Let’s remind ourselves of the problem.
We are trying to determine the effect of infrastructure spending on our commute times in the city. Let’s try and simulate this entire process.
We picked an ADL(1,1) model to determine this, so we need to provide to our simulation model:
We learned last time that our function is likely going to lead to a decrease in commute times, but it sort of depends on how our pattern of investments play out.
Let’s write our function
adl11 <- function(y_0,b_0,a1,b1,b2, sigma_u,mean_x, sigma_x, Ti){
#draw values of shock, using our function parameter sigma_u
u = rnorm(Ti,mean =0, sd=sigma_u)
#set up y as an empty vector so we can start placing objects inside of it.
y =c()
#initialize y_0 with our user-provided y_0 parameter above
y[1]= y_0
#build X
x = rnorm(Ti,mean = mean_x, sd = sigma_x)

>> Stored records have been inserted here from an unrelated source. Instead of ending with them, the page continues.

(* Let $\mathbb{K}$ be a field, let $S\subseteq\mathbb{K}$ be a finite set with $0\in S$ and $|S|\ge k+1$, and let $f\in\mathbb{K}[x_1,\ldots,x_n]$ have total degree at most $k$. Then $f\equiv 0$ if and only if $f(a)=0$ for all $a\in W^k_n(S)$.
   Context: $W^k_n(S)$ denotes the set of vectors $a\in S^n$ having at most $k$ nonzero coordinates (Hamming weight at most $k$). *)

From HB Require Import structures.
From mathcomp Require Import all_boot all_order all_algebra.
Set Implicit Arguments. Unset Strict Implicit. Unset Printing Implicit Defensive.
Import Order.TTheory GRing.Theory Num.Theory.
Local Open Scope ring_scope.

Definition monom (n : nat) := n.-tuple nat.

Record mpoly (K : fieldType) (n : nat) := MPoly {
  mcoeff : monom n -> K ;
  msupp : seq (monom n) ;
  msuppP : forall m, mcoeff m != 0 -> m \in msupp
}.

Definition mdegm (n : nat) (m : monom n) : nat := (\sum_(i < n) tnth m i)%N.

Definition mdeg_le (K : fieldType) (n : nat) (f : mpoly K n) (k : nat) : Prop :=
  forall m, mcoeff f m != 0 -> (mdegm m <= k)%N.

Definition mpoly_zero (K : fieldType) (n : nat) (f : mpoly K n) : Prop :=
  forall m, mcoeff f m = 0.

Definition meval_monom (K : fieldType) (n : nat) (m : monom n) (a : n.-tuple K) : K :=
  \prod_(i < n) tnth a i ^+ tnth m i.

Definition meval (K : fieldType) (n : nat) (f : mpoly K n) (a : n.-tuple K) : K :=
  \sum_(m <- undup (msupp f)) mcoeff f m * meval_monom m a.

Definition hweight (K : fieldType) (n : nat) (a : n.-tuple K) : nat :=
  count (fun x => x != 0) a.

(* a \in W^k_n(S) : all coordinates in S and Hamming weight at most k *)
Definition inW (K : fieldType) (n k : nat) (S : seq K) (a : n.-tuple K) : Prop :=
  (forall i : 'I_n, tnth a i \in S) /\ (hweight a <= k)%N.

(* If f is nonzero, pick a monomial x^m0 of f and set to 0 every variable not
   occurring in it.  The points so obtained from S^n have weight at most
   deg x^m0 <= k, and the surviving part of f is a nonzero polynomial in which
   every variable has degree <= k < |S|.  Such a polynomial cannot vanish on the
   whole grid S^n, by induction on n from the univariate bound on roots. *)
From HB Require Import structures.
From mathcomp Require Import all_boot all_order all_algebra.
Import Order.TTheory GRing.Theory Num.Theory.
Local Open Scope ring_scope.

Lemma tnth_le_mdegm {n} (m : monom n) i : (tnth m i <= mdegm m)%N.
Proof. by rewrite /mdegm (bigD1 i) //= leq_addr. Qed.

Lemma coef_eq0_of_roots {K : fieldType} {S : seq K} (b : nat -> K) :
  uniq S -> (forall x, x \in S -> \sum_(e < size S) b e * x ^+ e = 0) ->
  forall e, (e < size S)%N -> b e = 0.
Proof.
move=> uS Sroots e lt_e.
have p0 : \poly_(i < size S) b i = 0.
  apply/eqP; apply: contraT => p_neq0.
  have rootsS : all (root (\poly_(i < size S) b i)) S.
    by apply/allP => x xS; rewrite /root horner_poly Sroots.
  by have := max_poly_roots p_neq0 rootsS uS; rewrite ltnNge size_poly.
by have := coef_poly (size S) b e; rewrite p0 coef0 lt_e.
Qed.

Section Grid.

Context {K : fieldType}.

Definition exps_lt {n} (N : nat) (L : seq (monom n)) : Prop :=
  forall m, m \in L -> forall i, (tnth m i < N)%N.

Lemma meval_monom_cons {n} (x : K) (a : n.-tuple K) (m : monom n.+1) :
  meval_monom m [tuple of x :: a] =
  x ^+ thead m * meval_monom [tuple of behead m] a.
Proof.
rewrite /meval_monom big_ord_recl; congr (_ * _).
by apply: eq_bigr => i _; rewrite tnthS [in LHS](tuple_eta m) tnthS.
Qed.

Definition slice {n} (L : seq (monom n.+1)) (e : nat) : seq (monom n) :=
  [seq behead_tuple t | t <- L & thead t == e].

Lemma slice_uniq {n} (L : seq (monom n.+1)) e : uniq L -> uniq (slice L e).
Proof.
move=> uL; rewrite map_inj_in_uniq ?filter_uniq // => t1 t2.
rewrite !mem_filter => /andP[/eqP h1 _] /andP[/eqP h2 _] /(congr1 val) /= eq12.
by apply: val_inj; rewrite (tuple_eta t1) (tuple_eta t2) /= h1 h2 eq12.
Qed.

Lemma slice_exps_lt {n N} (L : seq (monom n.+1)) e :
  exps_lt N L -> exps_lt N (slice L e).
Proof.
move=> ltL m' /mapP[t]; rewrite mem_filter => /andP[_ tL] -> i.
by rewrite tnth_behead ltL.
Qed.

Lemma mem_slice {n} (L : seq (monom n.+1)) m :
  m \in L -> behead_tuple m \in slice L (thead m).
Proof. by move=> mL; apply: map_f; rewrite mem_filter eqxx. Qed.

Lemma sum_meval_monom_cons {n N} (L : seq (monom n.+1)) (c : monom n.+1 -> K)
    (x : K) (a : n.-tuple K) :
  (forall t, t \in L -> thead t < N)%N ->
  \sum_(t <- L) c t * meval_monom t [tuple of x :: a] =
  \sum_(e < N) (\sum_(m <- slice L e) c [tuple of (e : nat) :: m] * meval_monom m a)
                 * x ^+ e.
Proof.
move=> ltL.
under [RHS]eq_bigr do rewrite big_map big_filter big_distrl big_mkcond.
rewrite exchange_big /=; apply: eq_big_seq => t tL.
rewrite (bigD1 (Ordinal (ltL t tL))) //= eqxx big1 ?addr0; last first.
  by move=> e /eqP ne; case: eqP => // he; case: ne; apply: val_inj.
rewrite meval_monom_cons -tuple_eta mulrAC -mulrA.
by congr (_ * (_ * meval_monom _ _)); apply: val_inj.
Qed.

Lemma coef_eq0_of_grid_roots {S : seq K} {n} {L : seq (monom n)}
    {c : monom n -> K} :
  uniq S -> uniq L -> exps_lt (size S) L ->
  (forall a : n.-tuple K, (forall i, tnth a i \in S) ->
     \sum_(m <- L) c m * meval_monom m a = 0) ->
  forall m, m \in L -> c m = 0.
Proof.
move=> uS; elim: n L c => [|n IHn] L c uL ltL Lroots m mL.
  have := Lroots [tuple] ltac:(by case).
  rewrite (bigD1_seq m mL uL) /= big1 ?addr0.
    by rewrite /meval_monom big_ord0 mulr1.
  by move=> m' /negP[]; rewrite (tuple0 m') (tuple0 m).
have lthead t : t \in L -> (thead t < size S)%N by move/ltL; apply.
have slice_roots e : (e < size S)%N -> forall a : n.-tuple K,
    (forall i, tnth a i \in S) ->
    \sum_(m' <- slice L e) c [tuple of e :: m'] * meval_monom m' a = 0.
  move=> lt_e a aS; move: e lt_e; apply: coef_eq0_of_roots uS _ => x xS.
  rewrite -sum_meval_monom_cons //; apply: Lroots => i.
  by case: (unliftP ord0 i) => [j ->|->]; rewrite ?tnthS ?tnth0.
rewrite (tuple_eta m).
apply: (IHn (slice L (thead m)) (fun m' => c [tuple of thead m :: m'])).
- exact: slice_uniq.
- exact: slice_exps_lt.
- exact/slice_roots/lthead.
- exact: mem_slice.
Qed.

End Grid.

Section Restriction.

Context {K : fieldType} {n : nat}.

Definition supp_sub (m m0 : monom n) : bool :=
  [forall i, (tnth m0 i == 0%N) ==> (tnth m i == 0%N)].

Lemma supp_sub_refl m : supp_sub m m.
Proof. by apply/forallP => i; apply/implyP. Qed.

Definition zero_off (m0 : monom n) (a : n.-tuple K) : n.-tuple K :=
  [tuple if tnth m0 i == 0%N then 0 else tnth a i | i < n].

Lemma zero_off_mem (S : seq K) m0 a : 0 \in S ->
  (forall i, tnth a i \in S) -> forall i, tnth (zero_off m0 a) i \in S.
Proof. by move=> S0 aS i; rewrite tnth_mktuple; case: ifP. Qed.

Lemma hweight_zero_off m0 a : (hweight (zero_off m0 a) <= mdegm m0)%N.
Proof.
rewrite /hweight -sum1_count big_mkcond big_tuple /mdegm.
apply: leq_sum => i _; rewrite tnth_mktuple.
case: (tnth m0 i =P 0%N) => [-> | /eqP m0i]; first by rewrite eqxx.
by case: ifP; rewrite // lt0n.
Qed.

Lemma meval_monom_zero_off m0 m a :
  meval_monom m (zero_off m0 a) =
  if supp_sub m m0 then meval_monom m a else 0.
Proof.
case: ifP => [/forallP sub_m | /negbT/forallPn[i]].
  apply: eq_bigr => i _; rewrite tnth_mktuple; case: eqP => // m0i.
  by move/implyP: (sub_m i); rewrite m0i eqxx => /(_ isT)/eqP ->; rewrite !expr0.
rewrite negb_imply => /andP[/eqP m0i mi].
by rewrite /meval_monom (bigD1 i) //= tnth_mktuple m0i eqxx expr0n (negbTE mi) mul0r.
Qed.

Lemma meval_zero_off (f : mpoly K n) m0 a :
  meval f (zero_off m0 a) =
  \sum_(m <- undup (msupp f) | (mcoeff f m != 0) && supp_sub m m0)
     mcoeff f m * meval_monom m a.
Proof.
rewrite /meval (bigID (fun m => (mcoeff f m != 0) && supp_sub m m0)) /=.
rewrite [X in _ + X]big1 ?addr0 => [|m].
  by apply: eq_bigr => m /andP[_ sub_m]; rewrite meval_monom_zero_off sub_m.
rewrite meval_monom_zero_off negb_and negbK => /orP[/eqP -> | /negbTE ->].
  by rewrite mul0r.
by rewrite mulr0.
Qed.

End Restriction.

Theorem lemma4 (K : fieldType) (n k : nat) (S : seq K) (f : mpoly K n) :
  uniq S -> 0 \in S -> (k.+1 <= size S)%N -> mdeg_le f k ->
  (mpoly_zero f <-> (forall a : n.-tuple K, inW k S a -> meval f a = 0)).
Proof.
move=> uS S0 lt_k_S degf; split.
  by move=> f0 a _; rewrite /meval big1 // => m _; rewrite f0 mul0r.
move=> Wroots m0; have [// | fm0] := eqVneq (mcoeff f m0) 0.
pose L := [seq m <- undup (msupp f) | (mcoeff f m != 0) && supp_sub m m0].
have m0L : m0 \in L.
  by rewrite mem_filter fm0 supp_sub_refl mem_undup msuppP.
have ltL : exps_lt (size S) L.
  move=> m; rewrite mem_filter => /andP[/andP[fm _] _] i.
  exact: leq_ltn_trans (leq_trans (tnth_le_mdegm m i) (degf m fm)) lt_k_S.
have Lroots a : (forall i, tnth a i \in S) ->
    \sum_(m <- L) mcoeff f m * meval_monom m a = 0.
  move=> aS; rewrite big_filter -meval_zero_off; apply: Wroots; split.
    exact: zero_off_mem.
  exact: leq_trans (hweight_zero_off m0 a) (degf m0 fm0).
exact: coef_eq0_of_grid_roots uS (filter_uniq _ (undup_uniq _)) ltL Lroots _ m0L.
Qed.
Lemma run_small_le l k r (S : {set 'I_n}) : (l <= n)%N -> S != set0 ->
  (l <= #|S| + r)%N ->
  expect (fun w : Omega n (r * k) => (#|run w S (r * k)| < l)%:R) <= r%:R * q ^+ k.
Proof.
move=> l_le_n.
have bound_ge0 r' : 0 <= r'%:R * q ^+ k by rewrite mulr_ge0 ?exprn_ge0 ?q_ge0.
have large T (w : Omega n T) (S' : {set 'I_n}) t :
    (l <= #|S'|)%N -> (#|run w S' t| < l)%N = false.
  by move=> lS; rewrite ltnNge (leq_trans lS) ?subset_leq_card ?run_subset.
elim: r S => [|r IHr] S S0 l_le.
  rewrite addn0 in l_le.
  by apply: expect_le_const => [|w]; rewrite ?bound_ge0 ?large ?ler0n.
have [S_lt_l|l_le_S] := ltnP #|S| l; last first.
  by apply: expect_le_const => [|w]; rewrite ?bound_ge0 ?large ?ler0n.
have block (w1 : Omega n k) :
    expect (fun w2 : Omega n (r * k) => (#|run (catw w1 w2) S (k + r * k)| < l)%:R)
    <= (run w1 S k == S)%:R + r%:R * q ^+ k.
  under eq_expect do rewrite run_catw.
  have [->|grew] := eqVneq (run w1 S k) S.
    apply: expect_le_const => [|w2]; first by rewrite addr_ge0 ?ler01.
    by rewrite (le_trans (_ : _ <= 1)) ?lerDl //; case: (_ < _)%N.
  rewrite add0r IHr //.
    by apply: contra_neq S0 => run0; apply/eqP; rewrite -subset0 -run0 run_subset.
  rewrite (leq_trans l_le) // addnS -addSn leq_add2r.
  by rewrite proper_card // properEneq eq_sym grew run_subset.
rewrite mulSn expect_catw -nat1r mulrDl mul1r.
apply: le_trans (ler_expect block) (le_trans (expectDr_le _ (bound_ge0 r)) _).
by rewrite lerD2r run_stall_le // (leq_trans S_lt_l).
Qed.

End RumorSpreading.

Lemma tau_gt_run_small n (istar : 'I_n) l t T (w : Omega n T) :
  (0 < t)%N -> tau_gt istar l t w -> (#|run w [set istar] t| < l)%N.
Proof. by move=> t_gt0 /forallP /(_ ord_max) /=; rewrite t_gt0 infected_run. Qed.

Theorem mainTheorem15 (R : realFieldType) (n m : nat) (e : rel 'I_(n + m))
  (e_sym : symmetric e) (e_irr : irreflexive e) (istar : 'I_n) :
  hon_connected e ->
  forall l j : nat, (1 <= l)%N -> (l <= n)%N ->
    Prob e R (T := l * j) (tau_gt istar l (l * j))
    <= l%:R * (1 - Upsilon e R / (dhon_max e)%:R) ^+ j.
Proof.
move=> connected l j l_gt0 l_le_n; case: j => [|j].
  by rewrite expr0 mulr1 (le_trans (Prob_le1 _ _ _)) ?ler1n.
rewrite Prob_expect.
apply: le_trans (run_small_le R e_sym connected j.+1 (S := [set istar]) l_le_n _ _).
- apply: ler_expect => w; case: (tau_gt _ _ _ w) / idP => [tau|]; last by rewrite ler0n.
  by rewrite tau_gt_run_small // muln_gt0 l_gt0.
- by apply/set0Pn; exists istar; rewrite set11.
- by rewrite cards1 add1n.
Qed.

#We can use a for loop to build our set of ys
#recall, i is the index, and will iterate (count) over our set which here is 2 through T (which we provided)
for (i in 2:Ti){
#for every i in the series from 2,3,...,T-1,T, generate a y dependent on last month's y and road expenditures
#in the last two periods. Written out in r, where the 'i' in x[i] is calling the i'th object in vector x...
y[i] = b_0+a1*y[i-1]+b1*x[i] + b2*x[i-1] + u[i]
}
#now that we have y, we need to return our dataframe
adl_data = data.frame(
#create a time vector <1,2,3,...,T-1,T>
time =c(1:Ti),
average_commute = y,
road_spend = x)
#in order to get this object BACK, let's return the created dataframe.
return(adl_data)
}
now, let’s plot this using ggplot! Remember, we build ggplots using layers of aesthetic mappings, geoms and other objects, seperating them with the + operator.
Generally, when running a simulation you want to ‘set a seed.’ This forces the random draws you see to be reproducible by another researcher who is trying to replicate your work.
set.seed(42)
Let’s build a dataframe we can reference, using our adl11 function we just made:
dadl <- adl11(y_0 = 60, b_0= 10,a1 = 5/6,b1= -1/2, b2 = 1/6, sigma_u =1,
mean_x = 10, sigma_x = 2.5, Ti = 250)
#now, let's compare what happens if we invested nothing at all by looking at what happens when b1,b2 are =0
badl <- adl11(y_0 = 60, b_0= 10,a1 = 5/6,b1= 0, b2 = 0, sigma_u =1,
mean_x = 10, sigma_x = 2.5, Ti = 250)
Now, we just need to combine these into a single data frame.
data1 = data.frame(
dadl, #this just grabs columns and names from the dadl data from before.
#now we create a new variable in this dataframe by passing badl's average_commute column to a new variable 'counterfactual'
counterfactual<-badl$average_commute
)
Now, we can plot this dataframe using ggplot and layers.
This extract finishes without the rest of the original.